"We are totally dependent on our suppliers." [2]
Many of today's products are so complex that no single company has all the necessary knowledge about either the product or the required processes to completely design and manufacture them in-house. As a result most companies are dependent on others for crucial elements of their corporate well-being. Typically, however, companies have some choice as to whom they become dependent upon and for what sorts of skills and competences. That is, although few companies can "do it all," most have significant influence over the strategic choice of corporate identity and what businesses to be in. What is the range of choices they face? How are different companies making those choices? Can we make sense of the variety of decisions we can observe now in different industries or different parts of the world? What are the skills that companies must retain?
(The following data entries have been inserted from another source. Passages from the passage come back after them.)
Lemma card_lt_pairs (I : finType) (A : {set I}) (f : I -> nat) :
  {in A &, injective f} ->
  2 * #|[set p in setX A A | f p.1 < f p.2]| = #|A| * #|A|.-1.
Proof.
move=> f_inj; set P := [set p in _ | _].
pose swap (p : I * I) := (p.2, p.1).
have swapK : involutive swap by case.
have diagE p : (p \in [set (x, x) | x in A]) = (p.1 == p.2) && (p.1 \in A).
  case: p => a b; apply/imsetP/andP => [[x xA [-> ->]]|[/= /eqP -> bA]].
    by rewrite eqxx.
  by exists b.
have offdiagE : setX A A :\: [set (x, x) | x in A] = P :|: swap @: P.
  apply/setP => -[a b]; rewrite /P (can_imset_pre _ swapK) !inE /= diagE /=.
  case: (boolP (a \in A)) => aA; case: (boolP (b \in A)) => bA; rewrite ?andbT ?andbF //.
  have [->|ab] := eqVneq a b; first by rewrite ltnn.
  by have := contra_neq (f_inj _ _ aA bA) ab; lia.
have disjP : [disjoint P & swap @: P].
  apply/pred0P => -[x y]; rewrite /= /P (can_imset_pre _ swapK) !inE /=.
  lia.
have card_diag : #|[set (x, x) | x in A]| = #|A|.
  by apply: card_imset => x y [].
have diag_sub : [set (x, x) | x in A] \subset setX A A.
  by apply/subsetP => _ /imsetP[x xA ->]; rewrite inE /= xA.
rewrite mul2n -addnn -[in X in _ + X](card_imset P (inv_inj swapK)) -cardsUI.
rewrite (disjoint_setI0 disjP) cards0 addn0 -offdiagE cardsD cardsX.
by rewrite (setIidPr diag_sub) card_diag -subn1 mulnBr muln1.
Qed.

Section ChainCover.
Variables (n : nat) (C : seq (seq 'I_n)).
Implicit Types (u v w x : 'I_n) (T : 'I_n -> nat).

Lemma chain_edgesP p :
  reflect (exists2 c, c \in C & p \in chain_edges_of c) (p \in chain_edges C).
Proof. by rewrite inE; apply: hasP. Qed.

Lemma sourcesP v :
  reflect (exists2 c, c \in C & (c != [::]) && (v == head v c)) (v \in sources C).
Proof. by rewrite inE; apply: hasP. Qed.

Lemma Tmax_sink T u :
  (forall w, (u, w) \notin chain_edges C) -> Tmax C T u = gamma C.
Proof.
by move=> usink; rewrite /Tmax; case: pickP => // w; rewrite (negbTE (usink w)).
Qed.

Lemma mem_perfect_edges T u w : ((u, w) \in perfect_edges C T) =
  ((u, w) \in chain_edges C) || (T w <= Tmax C T u).
Proof. by rewrite in_setU [in X in _ || X]inE. Qed.

Hypothesis cover : chain_cover C.

Lemma chain_succ_unique u w1 w2 :
  (u, w1) \in chain_edges C -> (u, w2) \in chain_edges C -> w1 = w2.
Proof.
have [_ [Uflat _]] := cover.
move=> /chain_edgesP[c1 c1C e1] /chain_edgesP[c2 c2C e2].
have [u1 _] := mem_zip_behead e1; have [u2 _] := mem_zip_behead e2.
move: e2; rewrite -(uniq_flatten_block Uflat c1C c2C u1 u2) => e2.
exact: zip_behead_fun (uniq_flatten_mem Uflat c1C) e1 e2.
Qed.

Lemma chain_pred_unique u1 u2 w :
  (u1, w) \in chain_edges C -> (u2, w) \in chain_edges C -> u1 = u2.
Proof.
have [_ [Uflat _]] := cover.
move=> /chain_edgesP[c1 c1C e1] /chain_edgesP[c2 c2C e2].
have [_ /mem_behead w1] := mem_zip_behead e1.
have [_ /mem_behead w2] := mem_zip_behead e2.
move: e2; rewrite -(uniq_flatten_block Uflat c1C c2C w1 w2) => e2.
exact: zip_behead_inj (uniq_flatten_mem Uflat c1C) e1 e2.
Qed.

Lemma notin_sourcesP w :
  reflect (exists u, (u, w) \in chain_edges C) (w \notin sources C).
Proof.
have [_ [Uflat covered]] := cover.
apply: (iffP idP) => [wNS|[u /chain_edgesP[c cC uw]]].
  have /flattenP[[|a c] cC] := covered w; first by [].
  rewrite in_cons => /orP[/eqP wa|wc].
    by case/sourcesP: wNS; exists (a :: c); rewrite //= wa.
  have [u uw] := zip_behead_pred (s := a :: c) wc.
  by exists u; apply/chain_edgesP; exists (a :: c).
apply/sourcesP => -[[|a c'] c'C //= /eqP wa].
have [_ wc] := mem_zip_behead uw.
have ec : c = a :: c'.
  by apply: uniq_flatten_block Uflat cC c'C (mem_behead wc) _; rewrite wa mem_head.
have := uniq_flatten_mem Uflat cC; rewrite ec /= => /andP[/negP[]].
by move: wc; rewrite ec /= wa.
Qed.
In this paper we address the challenge of making these choices rationally. We give examples in which similar companies, facing similar choices, select make/buy patterns in very different ways, resulting in very different patterns of interdependencies along companies' supply chains. These choices are not restricted to skills related to the product, but include choices related to key design and manufacturing issues. To make sense of these differences, we propose a framework that ties together the following engineering and management concepts into one coherent view:
An important purpose of this paper is to broaden the discussion of core competence, considering product competencies, design and manufacturing process competencies, business process competencies, and the dynamic instabilities of the set of capabilities that are perceived at any one time to be core. We also discuss widely observed differences in how various companies prioritize product and process competencies and we try to make sense of these observations. We distinguish two categories of dependency, each with advantages and risks that can be used to define key distinctions in firms' make/buy strategies and core competence investments. In addition, we develop a model of the potentially unstable dynamics of industry integration. Our ultimate goal is to convince readers that the main skills companies should retain transcend those directly involving product or process, and are in fact the skills that support the very process of choosing which skills to retain.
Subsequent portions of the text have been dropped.